*Description of the task*
The required output is the lines below from the line containing "exists u^T; first by rewrite trmx_eq0." to the line containing "Proof. by have", inclusive, retyped exactly. No other lines belong in it.

#####

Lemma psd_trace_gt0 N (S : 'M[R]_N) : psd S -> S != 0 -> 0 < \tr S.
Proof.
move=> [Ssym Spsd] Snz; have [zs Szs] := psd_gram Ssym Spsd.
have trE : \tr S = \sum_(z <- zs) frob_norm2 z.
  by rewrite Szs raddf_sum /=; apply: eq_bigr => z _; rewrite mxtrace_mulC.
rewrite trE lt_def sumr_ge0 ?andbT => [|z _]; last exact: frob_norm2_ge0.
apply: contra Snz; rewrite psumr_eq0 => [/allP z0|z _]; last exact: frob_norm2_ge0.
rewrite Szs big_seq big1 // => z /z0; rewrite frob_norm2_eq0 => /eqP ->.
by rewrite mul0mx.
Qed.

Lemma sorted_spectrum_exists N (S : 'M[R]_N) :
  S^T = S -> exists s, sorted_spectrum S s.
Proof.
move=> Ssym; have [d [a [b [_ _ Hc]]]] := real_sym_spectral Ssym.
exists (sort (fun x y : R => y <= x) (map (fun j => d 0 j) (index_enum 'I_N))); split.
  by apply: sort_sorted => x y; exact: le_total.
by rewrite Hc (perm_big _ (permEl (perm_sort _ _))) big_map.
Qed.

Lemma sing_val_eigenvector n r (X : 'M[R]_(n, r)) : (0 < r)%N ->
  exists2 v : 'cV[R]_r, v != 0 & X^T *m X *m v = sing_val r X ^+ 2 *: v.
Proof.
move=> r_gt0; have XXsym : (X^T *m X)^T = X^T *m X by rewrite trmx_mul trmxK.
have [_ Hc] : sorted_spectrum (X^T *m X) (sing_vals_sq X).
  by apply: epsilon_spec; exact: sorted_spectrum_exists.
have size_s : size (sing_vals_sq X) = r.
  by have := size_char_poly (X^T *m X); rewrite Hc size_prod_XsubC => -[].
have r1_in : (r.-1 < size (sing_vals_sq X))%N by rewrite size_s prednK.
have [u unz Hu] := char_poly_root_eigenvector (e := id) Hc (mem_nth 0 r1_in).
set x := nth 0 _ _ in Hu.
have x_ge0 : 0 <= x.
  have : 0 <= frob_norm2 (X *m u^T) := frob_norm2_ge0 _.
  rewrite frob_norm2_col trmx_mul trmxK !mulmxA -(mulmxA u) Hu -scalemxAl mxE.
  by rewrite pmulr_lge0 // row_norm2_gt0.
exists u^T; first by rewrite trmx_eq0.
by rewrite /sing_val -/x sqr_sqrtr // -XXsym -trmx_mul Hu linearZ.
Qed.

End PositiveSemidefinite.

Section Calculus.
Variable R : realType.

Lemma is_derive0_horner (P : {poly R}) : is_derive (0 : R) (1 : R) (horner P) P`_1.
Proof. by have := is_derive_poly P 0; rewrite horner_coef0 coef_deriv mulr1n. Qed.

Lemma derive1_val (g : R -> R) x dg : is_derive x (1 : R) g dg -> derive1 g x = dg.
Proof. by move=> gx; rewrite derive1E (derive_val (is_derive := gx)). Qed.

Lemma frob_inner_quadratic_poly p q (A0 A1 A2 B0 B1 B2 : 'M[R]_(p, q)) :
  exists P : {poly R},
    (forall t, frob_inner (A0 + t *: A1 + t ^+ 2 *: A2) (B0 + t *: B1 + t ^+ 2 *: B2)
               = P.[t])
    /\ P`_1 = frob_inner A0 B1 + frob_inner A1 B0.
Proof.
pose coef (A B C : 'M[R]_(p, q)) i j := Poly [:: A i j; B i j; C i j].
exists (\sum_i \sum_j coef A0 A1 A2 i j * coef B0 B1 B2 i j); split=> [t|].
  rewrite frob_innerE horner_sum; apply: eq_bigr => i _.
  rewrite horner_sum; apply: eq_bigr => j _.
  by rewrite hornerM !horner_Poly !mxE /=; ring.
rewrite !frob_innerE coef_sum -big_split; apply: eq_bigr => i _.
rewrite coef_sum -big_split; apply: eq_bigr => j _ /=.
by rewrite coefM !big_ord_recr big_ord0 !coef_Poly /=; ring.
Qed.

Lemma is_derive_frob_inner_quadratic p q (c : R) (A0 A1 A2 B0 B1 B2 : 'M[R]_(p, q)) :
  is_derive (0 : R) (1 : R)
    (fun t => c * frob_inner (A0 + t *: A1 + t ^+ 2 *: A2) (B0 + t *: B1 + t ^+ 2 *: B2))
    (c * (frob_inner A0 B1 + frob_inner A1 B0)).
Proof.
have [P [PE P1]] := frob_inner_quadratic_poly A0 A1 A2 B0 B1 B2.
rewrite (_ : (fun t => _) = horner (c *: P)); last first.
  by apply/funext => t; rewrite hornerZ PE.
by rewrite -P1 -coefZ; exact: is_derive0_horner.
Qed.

#####

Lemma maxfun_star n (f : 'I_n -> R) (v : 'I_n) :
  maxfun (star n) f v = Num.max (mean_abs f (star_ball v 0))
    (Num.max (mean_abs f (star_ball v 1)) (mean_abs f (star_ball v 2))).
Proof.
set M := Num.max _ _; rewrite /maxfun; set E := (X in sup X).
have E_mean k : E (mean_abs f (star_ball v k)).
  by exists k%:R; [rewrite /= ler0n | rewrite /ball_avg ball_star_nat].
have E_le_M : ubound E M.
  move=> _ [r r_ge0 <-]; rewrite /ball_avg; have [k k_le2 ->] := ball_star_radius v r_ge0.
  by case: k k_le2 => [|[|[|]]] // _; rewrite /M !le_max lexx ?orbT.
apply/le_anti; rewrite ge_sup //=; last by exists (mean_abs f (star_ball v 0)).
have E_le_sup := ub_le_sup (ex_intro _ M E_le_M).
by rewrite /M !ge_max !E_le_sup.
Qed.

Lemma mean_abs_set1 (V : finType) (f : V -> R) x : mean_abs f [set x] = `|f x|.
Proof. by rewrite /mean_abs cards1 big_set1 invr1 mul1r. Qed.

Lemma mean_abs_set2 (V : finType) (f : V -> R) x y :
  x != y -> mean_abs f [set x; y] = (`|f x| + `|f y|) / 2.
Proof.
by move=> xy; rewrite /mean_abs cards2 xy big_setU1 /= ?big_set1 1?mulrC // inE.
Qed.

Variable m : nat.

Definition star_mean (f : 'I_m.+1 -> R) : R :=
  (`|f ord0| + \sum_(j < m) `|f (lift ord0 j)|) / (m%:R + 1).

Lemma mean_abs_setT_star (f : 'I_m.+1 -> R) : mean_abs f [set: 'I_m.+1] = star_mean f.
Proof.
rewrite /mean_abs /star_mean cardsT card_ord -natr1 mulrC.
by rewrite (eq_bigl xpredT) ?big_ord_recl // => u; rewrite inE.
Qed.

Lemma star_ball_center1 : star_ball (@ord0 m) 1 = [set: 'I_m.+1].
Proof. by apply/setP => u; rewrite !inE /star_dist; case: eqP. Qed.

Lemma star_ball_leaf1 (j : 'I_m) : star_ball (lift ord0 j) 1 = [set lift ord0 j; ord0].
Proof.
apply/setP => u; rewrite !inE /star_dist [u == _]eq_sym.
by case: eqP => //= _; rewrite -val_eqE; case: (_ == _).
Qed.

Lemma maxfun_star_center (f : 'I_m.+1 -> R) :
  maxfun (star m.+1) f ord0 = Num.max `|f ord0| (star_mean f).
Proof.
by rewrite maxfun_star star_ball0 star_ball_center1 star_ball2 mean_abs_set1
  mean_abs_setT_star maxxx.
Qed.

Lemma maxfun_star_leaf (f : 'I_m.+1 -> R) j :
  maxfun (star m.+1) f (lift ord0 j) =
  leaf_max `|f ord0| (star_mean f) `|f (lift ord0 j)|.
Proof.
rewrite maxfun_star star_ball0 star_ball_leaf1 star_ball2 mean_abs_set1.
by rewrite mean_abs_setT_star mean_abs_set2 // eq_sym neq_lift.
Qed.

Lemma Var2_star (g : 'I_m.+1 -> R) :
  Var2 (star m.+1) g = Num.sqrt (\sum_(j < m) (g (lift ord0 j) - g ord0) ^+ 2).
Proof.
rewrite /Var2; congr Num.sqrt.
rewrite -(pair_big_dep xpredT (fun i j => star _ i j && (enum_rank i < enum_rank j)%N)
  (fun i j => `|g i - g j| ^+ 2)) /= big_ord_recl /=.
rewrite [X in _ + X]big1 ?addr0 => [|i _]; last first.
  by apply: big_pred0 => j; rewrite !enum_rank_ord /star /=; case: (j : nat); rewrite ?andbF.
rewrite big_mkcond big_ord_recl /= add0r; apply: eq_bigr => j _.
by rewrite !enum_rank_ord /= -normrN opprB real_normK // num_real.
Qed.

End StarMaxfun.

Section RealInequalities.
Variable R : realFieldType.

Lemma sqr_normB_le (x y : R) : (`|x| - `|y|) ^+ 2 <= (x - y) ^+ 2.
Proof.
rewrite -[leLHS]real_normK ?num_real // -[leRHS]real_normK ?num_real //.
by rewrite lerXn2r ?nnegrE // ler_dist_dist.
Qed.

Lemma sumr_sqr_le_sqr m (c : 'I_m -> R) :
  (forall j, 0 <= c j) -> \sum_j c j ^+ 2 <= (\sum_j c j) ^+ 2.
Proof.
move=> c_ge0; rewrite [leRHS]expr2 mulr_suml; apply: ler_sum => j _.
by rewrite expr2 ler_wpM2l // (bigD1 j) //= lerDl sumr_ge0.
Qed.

#####

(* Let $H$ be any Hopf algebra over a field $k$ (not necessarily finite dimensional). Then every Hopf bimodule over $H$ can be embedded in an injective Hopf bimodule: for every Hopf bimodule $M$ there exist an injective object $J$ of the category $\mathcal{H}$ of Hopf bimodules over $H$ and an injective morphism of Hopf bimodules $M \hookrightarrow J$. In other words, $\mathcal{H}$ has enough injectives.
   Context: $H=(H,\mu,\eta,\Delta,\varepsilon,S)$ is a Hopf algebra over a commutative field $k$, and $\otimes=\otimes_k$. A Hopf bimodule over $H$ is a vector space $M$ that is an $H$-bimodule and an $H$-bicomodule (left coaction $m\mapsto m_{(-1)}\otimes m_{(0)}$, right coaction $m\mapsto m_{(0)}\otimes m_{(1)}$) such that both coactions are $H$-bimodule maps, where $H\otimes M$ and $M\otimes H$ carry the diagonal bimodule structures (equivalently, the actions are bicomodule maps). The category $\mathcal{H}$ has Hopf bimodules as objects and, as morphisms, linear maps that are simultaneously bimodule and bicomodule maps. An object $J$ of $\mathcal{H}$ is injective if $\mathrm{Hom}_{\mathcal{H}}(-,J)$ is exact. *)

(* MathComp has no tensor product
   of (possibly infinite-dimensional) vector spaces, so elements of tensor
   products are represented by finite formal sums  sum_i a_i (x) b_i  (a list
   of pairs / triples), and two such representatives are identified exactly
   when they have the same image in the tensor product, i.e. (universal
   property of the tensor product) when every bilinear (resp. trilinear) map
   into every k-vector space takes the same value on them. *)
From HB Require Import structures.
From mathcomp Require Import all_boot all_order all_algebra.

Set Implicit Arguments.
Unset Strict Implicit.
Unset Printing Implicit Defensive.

#####

*Result of the task*
exists u^T; first by rewrite trmx_eq0.
by rewrite /sing_val -/x sqr_sqrtr // -XXsym -trmx_mul Hu linearZ.
Qed.

End PositiveSemidefinite.

Section Calculus.
Variable R : realType.

Lemma is_derive0_horner (P : {poly R}) : is_derive (0 : R) (1 : R) (horner P) P`_1.
Proof. by have := is_derive_poly P 0; rewrite horner_coef0 coef_deriv mulr1n. Qed.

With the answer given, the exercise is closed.